Problem of Over-generalization

johnbeve commented 4 years ago

Werner has raised a concern worth reflection: '90% of the terms in the IDO: BacterialSpeciesX ontology, are identical to 90% of the terms in IDO: ‘BacterialSpeciesY’ with X replaced by Y.'

Barry is aware of the issue: 'This is indeed a puzzle that we have faced for some time. When we were building the lattice of staph. aureus IDOs it became clear that many ontologies will be needed just for staph. aureus, given that there are so many strains, and that cows and other non-humans can serve as hosts. '

I'm opening this up so we can explore the lattice proposal Barry, Alex, and Lindsay worked out as a partial response to this issue here: http://ontology.buffalo.edu/smith//articles/ICBO2012/IDO_Lattice.pdf

PhiBabs935 commented 4 years ago

The following is the seeds of our reply from the IDO paper (based on suggestions from Barry). If anyone watching has any thoughts on what else we could say, please let me know:

"There is a worry that our approach leads to an unneeded combinatorial explosion of ontologies. Indeed, in the era of personalized medicine, it may be that every single patient will have their own ontology. Certainly, there will be many more combinations of disease phenotypes that need to be dealt with, as time goes by. But that this is happening is not a matter of combinatorial explosion, but of growth dictated by the combinations which actually exist. When we were building the lattice of staph. aureus infectious disease ontologies [xx] it became clear that many ontologies will be needed just for staph. aureus, given that there are so many strains, and that cows and other non-humans can serve as hosts. The justification for this in the case of SARS-CoV-2 is that having an ontology for SARS-COV-2 will give us a baseline for dealing with SARS-COV-3 when it comes along."

I did add the following paragraph as one of the issues in the Limitations section of the IDO paper (this text incorporates a comment from Werner):

"As discussed in the foregoing, a notable feature of this approach is that it facilitates the inference of a lattice or network of infectious disease ontologies. While we do not believe that this leads to an unnecessary combinatorial explosion of ontologies, some tough questions do still remain. What is the principle for stopping somewhere? Each individual strain of virus or bacterium? Most antibacterial drugs work only against certain organisms, many organisms have resistance to certain bacterial agents. Where are these specific, yet overlapping, entities going to be represented? At the bacterial [GENUS?] level is too high, at the species level and below is too low. In that case we need something in-between. If we leave it at a level too low, there is no guarantee that distinct but similar entities that could be represented using the same template will actually be represented in a similar way. Addressing of these important issues we leave for future work."

johnbeve commented 4 years ago

I'm still not sure I really see the issue here. Let me say why as I offer a tentative response.

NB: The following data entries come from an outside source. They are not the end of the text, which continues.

(* Let $S$ be a semigroup whose loop problem (with respect to some finite semigroup choice of generators) is context-free, and let $\sigma : X^+ \to S$ be any finite semigroup choice of generators for $S$. Then the multiplication table $\{u \# v \# w^R : u, v, w \in X^+, (uv)\sigma = w\sigma\}$ of $S$ with respect to $\sigma$ and $X^+$ is a context-free language. In particular, $S$ is word hyperbolic in the sense of Duncan and Gilman.
   Context: Maps are written on the right. $X^+$, $X^*$: free semigroup and free monoid on $X$. For a monoid $M$ and surjective monoid morphism $\sigma : X^* \to M$, let $\overline{X} = \{\overline{x} : x \in X\}$ be new symbols, $\hat{X} = X \cup \overline{X}$; the loop automaton has vertex set $M$, for each $a \in M$, $x \in X$ an edge $a \to a(x\sigma)$ labelled $x$ and an edge $a(x\sigma) \to a$ labelled $\overline{x}$; the loop problem is the set of labels of paths from the identity to the identity. For a semigroup $S$ and surjective morphism $\sigma : X^+ \to S$, the loop problem of $S$ is the loop problem of $S^1$ ($S$ with a new identity adjoined even if one exists) with respect to the extension $X^* \to S^1$. Here $\#$ is a new symbol not in $X$ and $w^R$ is the reversal of $w$. A choice of representatives for $S$ is a finite semigroup choice of generators $\sigma : X^+ \to S$ with a subset $R \subseteq X^+$ such that $R\sigma = S$; it is regular if $R$ is regular; the multiplication table w.r.t. $\sigma$ and $R$ is $\{u\#v\#w^R : u,v,w \in R, (uv)\sigma = w\sigma\}$. $S$ is word hyperbolic in the sense of Duncan and Gilman if it admits a regular choice of representatives whose multiplication table is context-free. *)

From mathcomp Require Import all_boot.
Set Implicit Arguments. Unset Strict Implicit. Unset Printing Implicit Defensive.

Definition language (T : Type) := seq T -> Prop.

Section CFG.
Variables (T N : finType).

Definition sform := seq (N + T)%type.

Inductive cfg_step (rules : seq (N * sform)) : sform -> sform -> Prop :=
| CfgStep (a b : sform) (A : N) (r : sform) :
    (A, r) \in rules -> cfg_step rules (a ++ inl A :: b) (a ++ r ++ b).

Inductive cfg_derives (rules : seq (N * sform)) : sform -> sform -> Prop :=
| CfgRefl u : cfg_derives rules u u
| CfgTrans u v w : cfg_step rules u v -> cfg_derives rules v w ->
                   cfg_derives rules u w.

Definition cfg_language (rules : seq (N * sform)) (start : N) : language T :=
  fun w => cfg_derives rules [:: inl start] (map inr w).
End CFG.

Definition context_free (T : finType) (L : language T) : Prop :=
  exists (N : finType) (rules : seq (N * sform T N)) (start : N),
    forall w, L w <-> cfg_language rules start w.

Definition regular (T : finType) (L : language T) : Prop :=
  exists (Q : finType) (q0 : Q) (delta : Q -> T -> Q) (acc : pred Q),
    forall w, L w <-> acc (foldl delta q0 w).

(* S^1 : S with a new identity adjoined (None), even if S has one. *)
Definition mul1 (S : Type) (mul : S -> S -> S) (a b : option S) : option S :=
  match a, b with
  | None, _ => b
  | _, None => a
  | Some x, Some y => Some (mul x y)
  end.

(* On a nonempty word u, eval1 u = Some (u sigma) where sigma : X^+ -> S is the
   semigroup morphism determined by f; eval1 [::] = None (the identity of S^1). *)
Definition eval1 (S : Type) (mul : S -> S -> S) (X : Type) (f : X -> S)
    (w : seq X) : option S :=
  foldl (mul1 mul) None (map (fun x => Some (f x)) w).

(* f : X -> S induces a surjective morphism sigma : X^+ -> S
   (a finite semigroup choice of generators when X is a finType). *)
Definition generates (S : Type) (mul : S -> S -> S) (X : Type) (f : X -> S) :
    Prop :=
  forall s : S, exists w : seq X, eval1 mul f w = Some s.

(** * Loop problem.  hat X = X + X, inl x = x, inr x = xbar.
    Loop automaton on vertex set S^1: edges a --x--> a(x sigma) and
    a(x sigma) --xbar--> a. *)
Definition loop_edge (S : Type) (mul : S -> S -> S) (X : Type) (f : X -> S)
    (a : option S) (l : X + X) (b : option S) : Prop :=
  match l with
  | inl x => b = mul1 mul a (Some (f x))
  | inr x => a = mul1 mul b (Some (f x))
  end.

Fixpoint loop_walk (S : Type) (mul : S -> S -> S) (X : Type) (f : X -> S)
    (a : option S) (w : seq (X + X)) (b : option S) : Prop :=
  match w with
  | [::] => a = b
  | l :: w' => exists c, loop_edge mul f a l c /\ loop_walk mul f c w' b
  end.

Definition loop_problem (S : Type) (mul : S -> S -> S) (X : finType)
    (f : X -> S) : language (X + X)%type :=
  fun w => loop_walk mul f None w None.

(** * Multiplication table.  Alphabet option X, with None playing the role of #.
    { u # v # w^R : u, v, w in R, (uv) sigma = w sigma } with R a set of
    nonempty words. *)
Definition mult_table (S : Type) (mul : S -> S -> S) (X : finType)
    (f : X -> S) (R : seq X -> Prop) : language (option X) :=
  fun t => exists u v w : seq X,
    [/\ R u /\ R v /\ R w, (0 < size u) && (0 < size v) && (0 < size w),
        eval1 mul f (u ++ v) = eval1 mul f w &
        t = map Some u ++ None :: map Some v ++ None :: map Some (rev w)].

Definition nonempty_words (X : Type) : seq X -> Prop := fun u => 0 < size u.

Definition DG_hyperbolic (S : Type) (mul : S -> S -> S) : Prop :=
  exists (X : finType) (f : X -> S) (R : seq X -> Prop),
    [/\ generates mul f,
        (forall u, R u -> 0 < size u),
        (forall s, exists u, R u /\ eval1 mul f u = Some s),
        regular R &
        context_free (mult_table mul f R)].

From mathcomp Require Import all_boot.
Set Implicit Arguments. Unset Strict Implicit. Unset Printing Implicit Defensive.

(* Context-free languages are closed under finite transductions, by the
   classical triple construction on grammars.  If every generator x of f is
   written as a g-word c(x), the loop problem of f is the preimage of that of
   g under the nonerasing morphism x |-> c(x), xbar |-> reverse of the barred
   c(x); hence it is context-free.  A word u v (wbar)^R labels a loop at the
   identity exactly when (uv)sigma = w sigma, so a four-state transducer that
   inserts the two markers # turns the loop problem into the multiplication
   table.  As X^+ is regular, this table witnesses Duncan-Gilman
   hyperbolicity. *)

Section Yields.
Variables (T N : finType) (rules : seq (N * sform T N)).

Inductive yields : sform T N -> seq T -> Prop :=
| YieldsNil : yields [::] [::]
| YieldsTerminal a s w : yields s w -> yields (inr a :: s) (a :: w)
| YieldsRule A r s w1 w2 : (A, r) \in rules -> yields r w1 -> yields s w2 ->
    yields (inl A :: s) (w1 ++ w2).

Lemma yields_cat s1 s2 w : yields (s1 ++ s2) w <->
  exists w1 w2, [/\ w = w1 ++ w2, yields s1 w1 & yields s2 w2].
Proof.
split.
- elim: s1 w => [|y s1 IH] w /=; first by exists [::], w; split=> //; constructor.
  move=> Y; inversion Y as [|a s w0 Yw|A r s w1 w0 Ar Yr Yw]; subst.
  + have [w1 [w2 [-> Y1 Y2]]] := IH _ Yw.
    by exists (a :: w1), w2; split=> //; constructor.
  + have [w3 [w4 [-> Y1 Y2]]] := IH _ Yw.
    by exists (w1 ++ w3), w4; rewrite catA; split=> //; apply: YieldsRule Ar Yr Y1.
- case=> w1 [w2 [-> Y1 Y2]]; elim: Y1 => //= [a s w0 _ IH|A r s w3 w4 Ar Yr _ _ IH].
  + exact: YieldsTerminal.
  + by rewrite -catA; apply: YieldsRule Ar Yr IH.
Qed.

Lemma yields_terminalsP x w : yields (map inr x) w <-> w = x.
Proof.
split=> [|->]; last by elim: x => [|a x IH]; constructor.
by elim: x w => [|a x IH] w Y; inversion Y as [|b s w' Yw|]; rewrite ?(IH _ Yw).
Qed.

Lemma yields_nonterminal A w :
  yields [:: inl A] w <-> exists2 r, (A, r) \in rules & yields r w.
Proof.
split=> [Y|[r Ar Yr]]; last by rewrite -[w]cats0; apply: YieldsRule Ar Yr YieldsNil.
inversion Y as [| |B r s w1 w2 Ar Yr Ynil]; inversion Ynil.
by exists r; rewrite ?cats0.
Qed.

Lemma cfg_derives_trans u v w :
  cfg_derives rules u v -> cfg_derives rules v w -> cfg_derives rules u w.
Proof. by elim=> // u1 v1 w1 step _ IH /IH; apply: CfgTrans step. Qed.

Lemma cfg_derives_ctx a b u v : cfg_derives rules u v ->
  cfg_derives rules (a ++ u ++ b) (a ++ v ++ b).
Proof.
elim=> [u1|u1 v1 w1 [a1 b1 A r Ar] _ IH]; first exact: CfgRefl.
apply: CfgTrans IH; rewrite -!catA /=.
by have := CfgStep (a ++ a1) (b1 ++ b) Ar; rewrite -!catA.
Qed.

Lemma yields_cfg_derives s w : yields s w -> cfg_derives rules s (map inr w).
Proof.
elim=> [|a s1 w1 _ IH|A r s1 w1 w2 Ar _ IHr _ IHs]; first exact: CfgRefl.
  by have := cfg_derives_ctx [:: inr a] [::] IH; rewrite !cats0.
apply: CfgTrans (CfgStep [::] s1 Ar) _; rewrite map_cat.
apply: cfg_derives_trans (cfg_derives_ctx [::] s1 IHr) _.
by have := cfg_derives_ctx (map inr w1) [::] IHs; rewrite !cats0.
Qed.

Lemma cfg_derives_yields u w : cfg_derives rules u (map inr w) -> yields u w.
Proof.
move Ew: (map inr w) => v D.
elim: D Ew => [u1 <-|u1 v1 w1 [a b A r Ar] _ IH /IH]; first exact/yields_terminalsP.
case/yields_cat=> [wa [wrb [-> Ya /yields_cat [wr [wb [-> Yr Yb]]]]]].
by apply/yields_cat; exists wa, (wr ++ wb); split=> //; apply: YieldsRule Ar Yr Yb.
Qed.

Lemma cfg_languageP A w : cfg_language rules A w <-> yields [:: inl A] w.
Proof. by split=> [/cfg_derives_yields|/yields_cfg_derives]. Qed.

End Yields.

Lemma context_free_ext (T : finType) (L1 L2 : language T) :
  (forall w, L1 w <-> L2 w) -> context_free L1 -> context_free L2.
Proof.
move=> L12 [N [rules [A L1P]]]; exists N, rules, A => w.
by split=> [/L12/L1P|/L1P/L12].
Qed.


Section Transduction.
Variables (A B Q : finType) (trans : Q -> A -> Q -> seq (seq B)).

Fixpoint run (p : Q) (i : seq A) (w : seq B) (q : Q) : Prop :=
  if i is a :: i' then
    exists q' o w', [/\ o \in trans p a q', w = o ++ w' & run q' i' w' q]
  else w = [::] /\ p = q.

Lemma run_cat p i1 i2 w q : run p (i1 ++ i2) w q <->
  exists m w1 w2, [/\ w = w1 ++ w2, run p i1 w1 m & run m i2 w2 q].
Proof.
elim: i1 p w => [|a i1 IH] p w /=.
  by split=> [R|[m [w1 [w2 [-> [-> ->] R]]]]] //; exists p, [::], w.
split=> [[q' [o [w' [Ho -> /IH [m [w1 [w2 [-> R1 R2]]]]]]]]|].
  by exists m, (o ++ w1), w2; rewrite catA; split=> //; exists q', o, w1.
case=> m [_ [w2 [-> [q' [o [w1 [Ho -> R1]]]] R2]]].
exists q', o, (w1 ++ w2); rewrite catA; split=> //.
by apply/IH; exists m, w1, w2.
Qed.

Variables (N : finType) (rules : seq (N * sform A N)) (S0 : N).
Variables (q0 : Q) (final : pred Q).

(* The nonterminal (p, X, q) derives the outputs of the runs from p to q on
   the words derived from X; (p, a, q) does the same for a single letter a. *)
Definition transd_nonterminal : finType := option ((Q * N * Q) + (Q * A * Q)).

Definition annot (p : Q) (y : N + A) (q : Q) : transd_nonterminal :=
  Some (match y with inl X => inl (p, X, q) | inr a => inr (p, a, q) end).

Fixpoint annotate (p : Q) (r : sform A N) : seq (sform B transd_nonterminal * Q) :=
  if r is y :: r' then
    [seq (inl (annot p y m) :: x.1, x.2) | m <- enum Q, x <- annotate m r']
  else [:: ([::], p)].

Lemma mem_annotate_nil p s q :
  ((s, q) \in annotate p [::]) = (s == [::]) && (q == p).
Proof. by rewrite inE xpair_eqE. Qed.

Lemma mem_annotate_cons p y r s q : (s, q) \in annotate p (y :: r) <->
  exists m s', s = inl (annot p y m) :: s' /\ (s', q) \in annotate m r.
Proof.
split=> [/allpairsPdep [m [[s' q'] [_ sq' [-> ->]]]]|[m [s' [-> sq']]]].
  by exists m, s'.
by apply/allpairsPdep; exists m, (s', q); rewrite mem_enum.
Qed.

Definition transd_rules : seq (transd_nonterminal * sform B transd_nonterminal) :=
  flatten [seq [seq (annot p (inl Xr.1) sq.2, sq.1) | sq <- annotate p Xr.2]
          | p <- enum Q, Xr <- rules]
  ++ [seq (annot t.1.1 (inr t.1.2) t.2, map inr o)
     | t <- enum {: Q * A * Q}, o <- trans t.1.1 t.1.2 t.2]
  ++ [seq (None, [:: inl (annot q0 (inl S0) q)]) | q <- enum Q & final q].

Lemma mem_transd_rules Y s : (Y, s) \in transd_rules <->
  match Y with
  | Some (inl (p, X, q)) => exists2 r, (X, r) \in rules & (s, q) \in annotate p r
  | Some (inr (p, a, q)) => exists2 o, o \in trans p a q & s = map inr o
  | None => exists2 q, final q & s = [:: inl (annot q0 (inl S0) q)]
  end.
Proof.
split.
  rewrite !mem_cat => /or3P [/flattenP [l /allpairsPdep [p [[X r] [_ Xr ->]]]]|
                             /allpairsPdep [[[p a] q] [o [_ o_tr [-> ->]]]]|].
  - by case/mapP=> [[s' q] sq [-> ->]]; exists r.
  - by exists o.
  - by case/mapP=> q; rewrite mem_filter => /andP [fq _] [-> ->]; exists q.
rewrite !mem_cat; case: Y => [[[[p X] q]|[[p a] q]]|] [].
- move=> r Xr sq; apply/orP; left; apply/flattenP.
  exists [seq (annot p (inl (X, r).1) sq.2, sq.1) | sq <- annotate p (X, r).2].
    by apply/allpairsPdep; exists p, (X, r); rewrite mem_enum.
  by apply/mapP; exists (s, q).
- move=> o o_tr ->; apply/or3P; apply: Or32.
  by apply/allpairsPdep; exists (p, a, q), o; rewrite mem_enum.
- move=> q fq ->; apply/or3P; apply: Or33.
  by apply/mapP; exists q; rewrite // mem_filter fq mem_enum.
Qed.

First, I think there's a natural stopping point for building ontologies: don't descend to tokens, stay at types. This helps with the personalized medicine example. Suppose we've an ontology for John. This ontology will presumably be composed of all and only terms from existing ontologies. They may be imported directly and used, they may be used to define new terms (which is just a way to abbreviate old terms), but I don't imagine introducing new primitives for John. The only reason I can see for thinking that'd be needed, would trade on conflating types and tokens. Since we're not, the result is a new ontology that's entirely built out of existing ontologies. Moreover, there's a clear overlap (lattices aside) between existing ontologies and the personalized John ontology, namely, the notions of definitional (and conservative) extension.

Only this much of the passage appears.